This session, the Legislature passed HF322, a bill that increased the "floor" of parenting time for each parent in divorce cases from 25 percent to 35 percent. Proponents were clear that their purpose was to further their goal of guaranteeing equal parenting time in virtually all family-court cases. Gov. Mark Dayton recognized the problems in this approach and wisely chose to not sign the bill.
A recent commentary ("Kids in the balance," June 1) authored by three of the bill's strongest proponents -- state Reps. Peggy Scott and Tim Mahoney, and Molly Olson of the Center for Parental Responsibility -- merits a response. While we respect their passion and commitment, we respectfully disagree that their bill was in the best interests of children.
The authors claimed that the Minnesota Court of Appeals ruled "that joint physical custody and equal shared parenting is not allowed except in rare circumstances." In fact, the law is just the opposite.
In a 2005 case, Schallinger vs. Schallinger, the Minnesota Court of Appeals declared that there "is neither a statutory presumption disfavoring joint physical custody, nor is there a preference against joint physical custody if the district court finds that it is in the best interest of the minor child."
We often see decisions that joint custody is the most appropriate arrangement, and our experience is confirmed by research conducted by Olson's organization. The Center for Parental Responsibility found that only 1 percent of cases were decided by a judge.
Further, its research shows that fathers were awarded at least 45 percent parenting time in almost half the cases. While there are individual cases in which one party perceives that he or she has been treated unfairly, there is no hard data to show that those outcomes reflect a majority of cases or that the results would have differed with an increased presumption.
Moving the presumptive parenting time minimum from 25 percent to 35 percent may seem innocuous. But in practice it would adversely affect many families, and the most harmful impacts would occur in cases where it is least likely to succeed.

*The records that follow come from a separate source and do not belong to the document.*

Lemma coef_tri_poly_mid g :
  (tri_poly g)`_span.-1 = (\sum_u \sum_w \sum_z (triangleb g u w z : nat))%:R.
Proof.
rewrite tri_polyE coef_sum natr_sum; apply: eq_bigr => u _.
rewrite coef_sum natr_sum; apply: eq_bigr => w _.
case: (boolP (g u w)) => guw; last by rewrite coef0 big1 // => z _; rewrite /triangleb (negbTE guw).
have := pair_exp_lt u w; rewrite coefXnM ltnNge /edge_exp => lt_span.
rewrite ifF; last by apply/negbTE; lia.
have -> : (span.-1 - (span.-1 - pair_exp u w) = pair_exp u w)%N by lia.
by rewrite coef_wedge_poly_pair; congr _%:R; apply: eq_bigr => z _; rewrite /triangleb guw.
Qed.

Lemma tri_poly_mid_div6 g : prime p -> simple_graph g -> (6 * triangle_count g < p)%N ->
  (nat_of_ord ((tri_poly g)`_span.-1)%R %/ 6)%N = triangle_count g.
Proof.
move=> p_pr g_simple lt_p.
by rewrite coef_tri_poly_mid sum_triangleb // val_Fp_nat // modn_small // mulKn.
Qed.

Record state := State {
  point : F; current : option 'I_n;
  nbr_a : {ffun 'I_a -> F}; nbr_b : {ffun 'I_b -> F};
  edge_val : {ffun 'I_a * 'I_b -> F}; wedge_val : {ffun 'I_a * 'I_b -> F};
  chunk : F; chunk_len : 'I_L; ncoef : 'I_ncoefs.+2; horner_acc : F; mid_coef : F }.

Definition state_tuple (s : state) :=
  (point s, current s, nbr_a s, nbr_b s, edge_val s, wedge_val s,
   chunk s, chunk_len s, ncoef s, horner_acc s, mid_coef s).
Definition tuple_state t : state :=
  let: (x1, x2, x3, x4, x5, x6, x7, x8, x9, x10, x11) := t in
  State x1 x2 x3 x4 x5 x6 x7 x8 x9 x10 x11.
Lemma state_tupleK : cancel state_tuple tuple_state. Proof. by case. Qed.
HB.instance Definition _ := Equality.copy state (can_type state_tupleK).
HB.instance Definition _ := Choice.copy state (can_type state_tupleK).
HB.instance Definition _ := Countable.copy state (can_type state_tupleK).
HB.instance Definition _ := Finite.copy state (can_type state_tupleK).

Lemma card_state :
  (#|{: state}| <= #|F| * n.+1 * #|F| ^ a * #|F| ^ b * #|F| ^ (a * b) * #|F| ^ (a * b)
                   * #|F| * L * ncoefs.+2 * #|F| * #|F|)%N.
Proof.
have := leq_card state_tuple (can_inj state_tupleK).
by rewrite !card_prod !card_ffun !card_option !card_prod !card_ord.
Qed.

Definition init (r : F) : state :=
  State r None [ffun _ => 0] [ffun _ => 0] [ffun _ => 0] [ffun _ => 0] 0 ord0 ord0 0 0.

Definition help_fields (s : state) :=
  (chunk s, chunk_len s, ncoef s, horner_acc s, mid_coef s).

Definition enter (s : state) (u : 'I_n) : state :=
  if current s == Some u then s else
  State (point s) (Some u) [ffun _ => 0] [ffun _ => 0] (edge_val s) (wedge_val s)
    (chunk s) (chunk_len s) (ncoef s) (horner_acc s) (mid_coef s).

(* [wedge_val] holds the [W_j] of the finished neighbour lists plus the product of the
   partial sums [nbr_a], [nbr_b] of the current one. *)
Definition add_nbr (s : state) (u w : 'I_n) : state :=
  let r := point s in
  let na := [ffun i => nbr_a s i + (mono_a w i).[r]] in
  let nb := [ffun i => nbr_b s i + (mono_b w i).[r]] in
  State r (current s) na nb
    [ffun j => edge_val s j + (mono_edge u w j).[r]]
    [ffun j => wedge_val s j + (na j.1 * nb j.2 - nbr_a s j.1 * nbr_b s j.2)]
    (chunk s) (chunk_len s) (ncoef s) (horner_acc s) (mid_coef s).

Definition stream_step (s : state) (t : token n) : state := add_nbr (enter s t.1) t.1 t.2.

Lemma foldl_stream_current s u l : current s = Some u ->
  let s' := foldl stream_step s [seq (u, w) | w <- l] in
  [/\ current s' = Some u, point s' = point s, help_fields s' = help_fields s,
   (forall i, nbr_a s' i = nbr_a s i + \sum_(w <- l) (mono_a w i).[point s]) /\
   (forall i, nbr_b s' i = nbr_b s i + \sum_(w <- l) (mono_b w i).[point s]) &
   (forall j, edge_val s' j = edge_val s j + \sum_(w <- l) (mono_edge u w j).[point s]) /\
   (forall j, wedge_val s' j =
      wedge_val s j + (nbr_a s' j.1 * nbr_b s' j.2 - nbr_a s j.1 * nbr_b s j.2))].
Proof.
elim: l s => [|w l IH] s cur_s /=.
  by split=> //; split=> j; rewrite ?big_nil ?addr0 ?subrr ?addr0.
have -> : stream_step s (u, w) = add_nbr s u w by rewrite /stream_step /enter cur_s eqxx.
have [cur' pt' hf' [na' nb'] [fv' gv']] := IH (add_nbr s u w) cur_s.
split=> //; try split => j.
- by rewrite na' big_cons /= ffunE addrA.
- by rewrite nb' big_cons /= ffunE addrA.
- by rewrite fv' big_cons /= ffunE addrA.
rewrite gv' /= !ffunE /= -addrA; congr (_ + _).
by rewrite addrC addrA subrK addrC.
Qed.

Lemma foldl_stream_block s u l : current s != Some u ->
  let s' := foldl stream_step s [seq (u, w) | w <- l] in
  [/\ point s' = point s, help_fields s' = help_fields s,
     current s' = Some u \/ current s' = current s,
     forall j, edge_val s' j = edge_val s j + \sum_(w <- l) (mono_edge u w j).[point s] &
     forall j, wedge_val s' j = wedge_val s j +
       (\sum_(w <- l) (mono_a w j.1).[point s]) * (\sum_(w <- l) (mono_b w j.2).[point s])].
Proof.
case: l => [|w l] not_cur /=.
  by split; [| | right | move=> j; rewrite big_nil addr0 | move=> j; rewrite !big_nil mulr0 addr0].
have -> : stream_step s (u, w) = stream_step (enter s u) (u, w).
  by rewrite /stream_step /= /enter (negbTE not_cur) eqxx.
have cur_enter : current (enter s u) = Some u by rewrite /enter (negbTE not_cur).
have [cur' pt' hf' [na' nb'] [fv' gv']] := foldl_stream_current (w :: l) cur_enter.
rewrite /enter (negbTE not_cur) /= in cur' pt' hf' na' nb' fv' gv' *.
split=> [||| j | j]; [exact: pt' | exact: hf' | by left | by rewrite fv' |].
by rewrite gv' na' nb' !ffunE !add0r mulr0 subr0.
Qed.

Lemma foldl_stream_blocks (B : seq ('I_n * seq 'I_n)) s : uniq (map fst B) ->
  (forall u, u \in map fst B -> current s != Some u) ->
  let s' := foldl stream_step s (flatten [seq [seq (bk.1, w) | w <- bk.2] | bk <- B]) in
  [/\ point s' = point s, help_fields s' = help_fields s,
    forall j, edge_val s' j =
      edge_val s j + \sum_(bk <- B) \sum_(w <- bk.2) (mono_edge bk.1 w j).[point s] &
    forall j, wedge_val s' j = wedge_val s j + \sum_(bk <- B)
      (\sum_(w <- bk.2) (mono_a w j.1).[point s]) * (\sum_(w <- bk.2) (mono_b w j.2).[point s])].
Proof.
elim: B s => [|[u l] B IH] s /=.
  by move=> _ _; split=> // j; rewrite big_nil addr0.
case/andP=> u_notin uniq_B not_cur; rewrite foldl_cat.
have [pt1 hf1 cur1 fv1 gv1] := foldl_stream_block l (not_cur u (mem_head _ _)).
set s1 := foldl stream_step s _ in pt1 hf1 cur1 fv1 gv1 *.
have not_cur1 u' : u' \in map fst B -> current s1 != Some u'.
  move=> u'B; case: cur1 => ->; first by apply: contraNneq u_notin => -[->].
  by apply: not_cur; rewrite inE u'B orbT.
have [pt2 hf2 fv2 gv2] := IH s1 uniq_B not_cur1.
split; [by rewrite pt2 | by rewrite hf2 | move=> j | move=> j].
  by rewrite fv2 fv1 big_cons pt1 addrA.
by rewrite gv2 gv1 big_cons pt1 addrA.
Qed.

Lemma sum_adj_list (g : rel 'I_n) u (l : seq 'I_n) (f : 'I_n -> {poly F}) r : uniq l ->
  (forall w, (w \in l) = g u w) ->
  \sum_(w <- l) (f w).[r] = (\sum_w (if g u w then f w else 0)).[r].
Proof.
move=> uniq_l mem_l; rewrite horner_sum big_uniq // big_mkcond.
by apply: eq_bigr => w _; rewrite mem_l; case: (g u w); rewrite ?horner0.
Qed.

Lemma sum_adj_blocks (B : seq ('I_n * seq 'I_n)) (G : 'I_n -> F) :
  perm_eq (map fst B) (enum 'I_n) -> \sum_(bk <- B) G bk.1 = \sum_u G u.
Proof.
by move=> perm_B; rewrite -(big_map fst xpredT G) (perm_big _ perm_B) big_enum.
Qed.

Lemma foldl_stream_adj g sigma r : adj_stream g sigma ->
  let s := foldl stream_step (init r) sigma in
  [/\ point s = r, help_fields s = help_fields (init r),
     forall j, edge_val s j = (edge_poly g j).[r] & forall j, wedge_val s j = (wedge_poly g j).[r]].
Proof.
case=> B [perm_B adj_B ->].
have uniq_B : uniq (map fst B) by rewrite (perm_uniq perm_B) enum_uniq.
have [pt hf fv gv] := foldl_stream_blocks (s := init r) uniq_B (fun _ _ => isT).
split=> // j; rewrite ?fv ?gv /= ffunE add0r.
  rewrite /edge_poly horner_sum -(sum_adj_blocks _ perm_B).
  by apply: eq_big_seq => bk /adj_B[uniq_l mem_l]; rewrite (sum_adj_list _ _ uniq_l mem_l).
rewrite /wedge_poly horner_sum -(sum_adj_blocks _ perm_B).
by apply: eq_big_seq => bk /adj_B[uniq_l mem_l]; rewrite hornerM !(sum_adj_list _ _ uniq_l mem_l).
Qed.


(* Coefficients arrive highest degree first, as [L]-bit chunks, so chunk number [span] is the
   coefficient of [X^(span-1)]; [ncoef] saturates at [ncoefs.+1] to keep the state finite. *)
Definition help_step (s : state) (bt : bool) : state :=
  let c := chunk s * 2%:R + (bt : nat)%:R in
  if ((chunk_len s).+1 == L)%N then
    State (point s) (current s) (nbr_a s) (nbr_b s) (edge_val s) (wedge_val s) 0 ord0
      (inord (minn (ncoef s).+1 ncoefs.+1)) (horner_acc s * point s + c)
      (if ncoef s == span :> nat then c else mid_coef s)
  else State (point s) (current s) (nbr_a s) (nbr_b s) (edge_val s) (wedge_val s) c
      (inord (chunk_len s).+1) (ncoef s) (horner_acc s) (mid_coef s).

In our experience, the most workable and durable custody and parenting time arrangements result when parents reach agreements themselves. The increasing use of mediation and early case management in Minnesota's family courts are designed to empower parents to make decisions that are in their child's best interests. A presumption, on the other hand, creates a one-size-fits-all solution dictated by government rather than one accomplished cooperatively by parents.